* **Work to be completed**:
There is material below. Print exactly the lines starting at the line with "(** Subbasic Vietoris" and ending at the line with "Definition vietoris_sub (X", ends included, and no others.

═══ Raw data ═══

(* Let $X$ be a Hausdorff space. Then every compact subset of $X$ is finite (i.e. $\mathcal{K}(X)=\mathcal{F}(X)$) if and only if every compact subset of $\mathcal{K}(X)$ is finite (i.e. $\mathcal{K}(\mathcal{K}(X))=\mathcal{F}(\mathcal{K}(X))$).
   Context: $\mathcal{K}(X)$ is the set of nonempty compact subsets of $X$ with the Vietoris topology (generated by $U^+=\{A: A\subset U\}$ and $U^-=\{A: A\cap U\neq\emptyset\}$ for $U$ open in $X$); $\mathcal{F}(X)$ is its subset of nonempty finite sets. *)

From HB Require Import structures.
From mathcomp Require Import all_boot all_order.
From mathcomp Require Import boolp classical_sets functions cardinality.
From mathcomp Require Import topology.
Set Implicit Arguments. Unset Strict Implicit. Unset Printing Implicit Defensive.
Local Open Scope classical_set_scope.

Record hyperspace (X : topologicalType) := Hyp {
  hyp_set :> set X;
  hyp_nonempty : hyp_set !=set0;
  hyp_compact : compact hyp_set }.

HB.instance Definition _ (X : topologicalType) := gen_eqMixin (hyperspace X).
HB.instance Definition _ (X : topologicalType) := gen_choiceMixin (hyperspace X).

(** Subbasic Vietoris sets: index (true, U) gives U^+ = [set A | A `<=` U],
    index (false, U) gives U^- = [set A | A `&` U !=set0], for U open. *)
Definition vietoris_sub (X : topologicalType) (i : bool * set X) : set (hyperspace X) :=
  if i.1 then [set A : hyperspace X | (A : set X) `<=` i.2]
  else [set A : hyperspace X | (A : set X) `&` i.2 !=set0].

Definition vietoris_index (X : topologicalType) : set (bool * set X) :=
  [set i | open i.2].

HB.instance Definition _ (X : topologicalType) :=
  isSubBaseTopological.Build (hyperspace X) (@vietoris_index X) (@vietoris_sub X).

(* If C is a compact
   subset of K(X), then its union is compact in X: cover each A in C by
   finitely many members of an open cover; the unions U_A of these finite
   subcovers give Vietoris neighbourhoods U_A^+ of the A's, finitely many of
   which cover C.  As C consists of subsets of its union, C is finite as soon
   as that union is.  Conversely x |-> {x} is a continuous injection of X into
   K(X), since it pulls both U^+ and U^- back to U; it maps a compact A onto a
   compact, hence finite, subset of K(X), so A is finite.  Neither direction
   uses that X is Hausdorff. *)
From HB Require Import structures.
From mathcomp Require Import all_boot all_order.
From mathcomp Require Import boolp classical_sets functions cardinality.
From mathcomp Require Import topology finmap.
Local Open Scope classical_set_scope.

(* [compact_cover] is only stated for pointed spaces; any point, e.g. one of a
   nonempty [A], makes [T] pointed. *)
Section PointedCompactCover.
Variables (T : topologicalType) (t0 : T).

Definition pointed_at : Type := T.
HB.instance Definition _ := Topological.on pointed_at.
HB.instance Definition _ := isPointed.Build pointed_at t0.

Lemma compact_cover_pointed (A : set T) : compact A <-> cover_compact A.
Proof.
change (@compact pointed_at A <-> @cover_compact pointed_at A).
by rewrite compact_cover.
Qed.

End PointedCompactCover.

Lemma compact_coverP {T : topologicalType} (A : set T) :
  compact A <-> cover_compact A.
Proof.
have [->|/set0P [a _]] := eqVneq A set0; last exact: compact_cover_pointed a A.
by split=> _; [move=> I D f _ _; exists fset0 | exact: compact0].
Qed.

Lemma finite_powerset (T : choiceType) (U : set T) :
  finite_set U -> finite_set [set B | B `<=` U].
Proof.
move=> /finite_fsetP [F ->].
apply: (@sub_finite_set _ _
  ((fun G : {fset T} => [set` G]) @` [set` fpowerset F])).
  move=> B BF; have fB : finite_set B.
    by apply: (sub_finite_set BF); exact: finite_fset.
  exists (fset_set B); last exact: fset_setK.
  rewrite /= fpowersetE; apply/fsubsetP => y.
  by rewrite in_fset_set // => /set_mem /BF.
exact/finite_image/finite_fset.
Qed.

Lemma finite_set_of_injective_image (T U : Type) (f : T -> U) (A : set T) :
  injective f -> finite_set (f @` A) -> finite_set A.
Proof.
move=> finj fA; apply: (@sub_finite_set _ _ (f @^-1` (f @` A))).
  by move=> x Ax; exists x.
by apply: finite_preimage fA => x y _ _; exact: finj.
Qed.

Section Hyperspace.
Variable X : topologicalType.

Lemma hyp_set_inj : injective (@hyp_set X).
Proof.
move=> [A nA cA] [B nB cB] /= AB; subst B.
by rewrite (Prop_irrelevance nA nB) (Prop_irrelevance cA cB).
Qed.

Lemma open_vietoris_sub (i : bool * set X) : open i.2 -> open (vietoris_sub i).
Proof.
move=> oi; exists [set vietoris_sub i]; last by rewrite bigcup_set1.
by move=> _ ->; exact: finI_from1.
Qed.

Lemma continuous_vietorisP (T : topologicalType) (f : T -> hyperspace X) :
  (forall i, open i.2 -> open (f @^-1` vietoris_sub i)) -> continuous f.
Proof.
move=> fsub; apply/continuousP => _ [D sD <-]; rewrite preimage_bigcup.
apply: bigcup_open => _ /sD [J sJ <-].
rewrite preimage_bigcap bigcap_fset big_seq.
apply: (big_ind open); [exact: openT | exact: openI | move=> i Ji].
by apply: fsub; have /set_mem := sJ i Ji.
Qed.

Definition hyp1 (x : X) : hyperspace X :=
  Hyp (ex_intro _ x erefl) (@compact_set1 X x).

Lemma hyp1_inj : injective hyp1.
Proof.
move=> x y /(congr1 (@hyp_set X)) /= xy.
by have : [set y] x by rewrite -xy.
Qed.

Lemma preimage_hyp1_vietoris_sub i : hyp1 @^-1` vietoris_sub i = i.2.
Proof.
rewrite /vietoris_sub; case: i.1; apply/seteqP; split=> x /=.
- by apply.
- by move=> ix _ ->.
- by move=> [_ [-> ix]].
- by exists x.
Qed.

Lemma continuous_hyp1 : continuous hyp1.
Proof.
by apply: continuous_vietorisP => i; rewrite preimage_hyp1_vietoris_sub.
Qed.

Lemma compact_bigcup_hyperspace (C : set (hyperspace X)) : compact C ->
  compact (\bigcup_(A in C) (A : set X)).
Proof.
move=> /compact_coverP cC; apply/compact_coverP => I D f fo Ccov.
pose subcover A (G : {fset I}) :=
  C A -> {subset G <= D} /\ (A : set X) `<=` cover [set` G] f.
have [g gP] : {g & forall A, subcover A (g A)}.
  apply: choice => A; have [CA|] := pselect (C A); last by exists fset0.
  have /compact_coverP /(_ I D f fo) [|G GD AG] := @hyp_compact X A.
    by move=> x Ax; apply: Ccov; exists A.
  by exists G.
have [E EC CE] : finite_subset_cover C
    (fun A => vietoris_sub (true, cover [set` g A] f)) C.
  apply: cC => A CA; last by exists A => //; exact: (gP A CA).2.
  apply: open_vietoris_sub; apply: bigcup_open => i gAi.
  by apply: fo; apply/set_mem; exact: (gP A CA).1.
have finE : finite_set (\bigcup_(A in [set` E]) [set` g A]).
  by apply: bigcup_finite => [|A _]; exact: finite_fset.
exists (fset_set (\bigcup_(A in [set` E]) [set` g A])).
  move=> i; rewrite in_fset_set // => /set_mem [A EA gAi].
  by have /set_mem CA := EC A EA; exact: (gP A CA).1.
move=> x [A /CE [B EB BA] /BA [i gBi fxi]].
by exists i => //=; rewrite in_fset_set //; apply/mem_set; exists B.
Qed.

Lemma compact_hyperspace_finite :
  (forall A : set X, compact A -> finite_set A) ->
  forall C : set (hyperspace X), compact C -> finite_set C.
Proof.
move=> finX C /compact_bigcup_hyperspace /finX /finite_powerset finP.
apply: (@finite_set_of_injective_image _ _ _ C hyp_set_inj).
by apply: sub_finite_set finP => _ [A CA <-] x Ax; exists A.
Qed.

Lemma compact_finite_of_hyperspace :
  (forall C : set (hyperspace X), compact C -> finite_set C) ->
  forall A : set X, compact A -> finite_set A.
Proof.
move=> finK A cA; apply: (@finite_set_of_injective_image _ _ _ A hyp1_inj).
apply: finK.
exact: continuous_compact (continuous_subspaceT continuous_hyp1) cA.
Qed.

End Hyperspace.

Theorem proposition4p7 (X : topologicalType) (hX : hausdorff_space X) :
  (forall A : set X, compact A -> finite_set A) <->
  (forall C : set (hyperspace X), compact C -> finite_set C).
Proof.
split; [exact: compact_hyperspace_finite | exact: compact_finite_of_hyperspace].
Qed.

═══

* **Result of this task**:
(** Subbasic Vietoris sets: index (true, U) gives U^+ = [set A | A `<=` U],
    index (false, U) gives U^- = [set A | A `&` U !=set0], for U open. *)
Definition vietoris_sub (X : topologicalType) (i : bool * set X) : set (hyperspace X) :=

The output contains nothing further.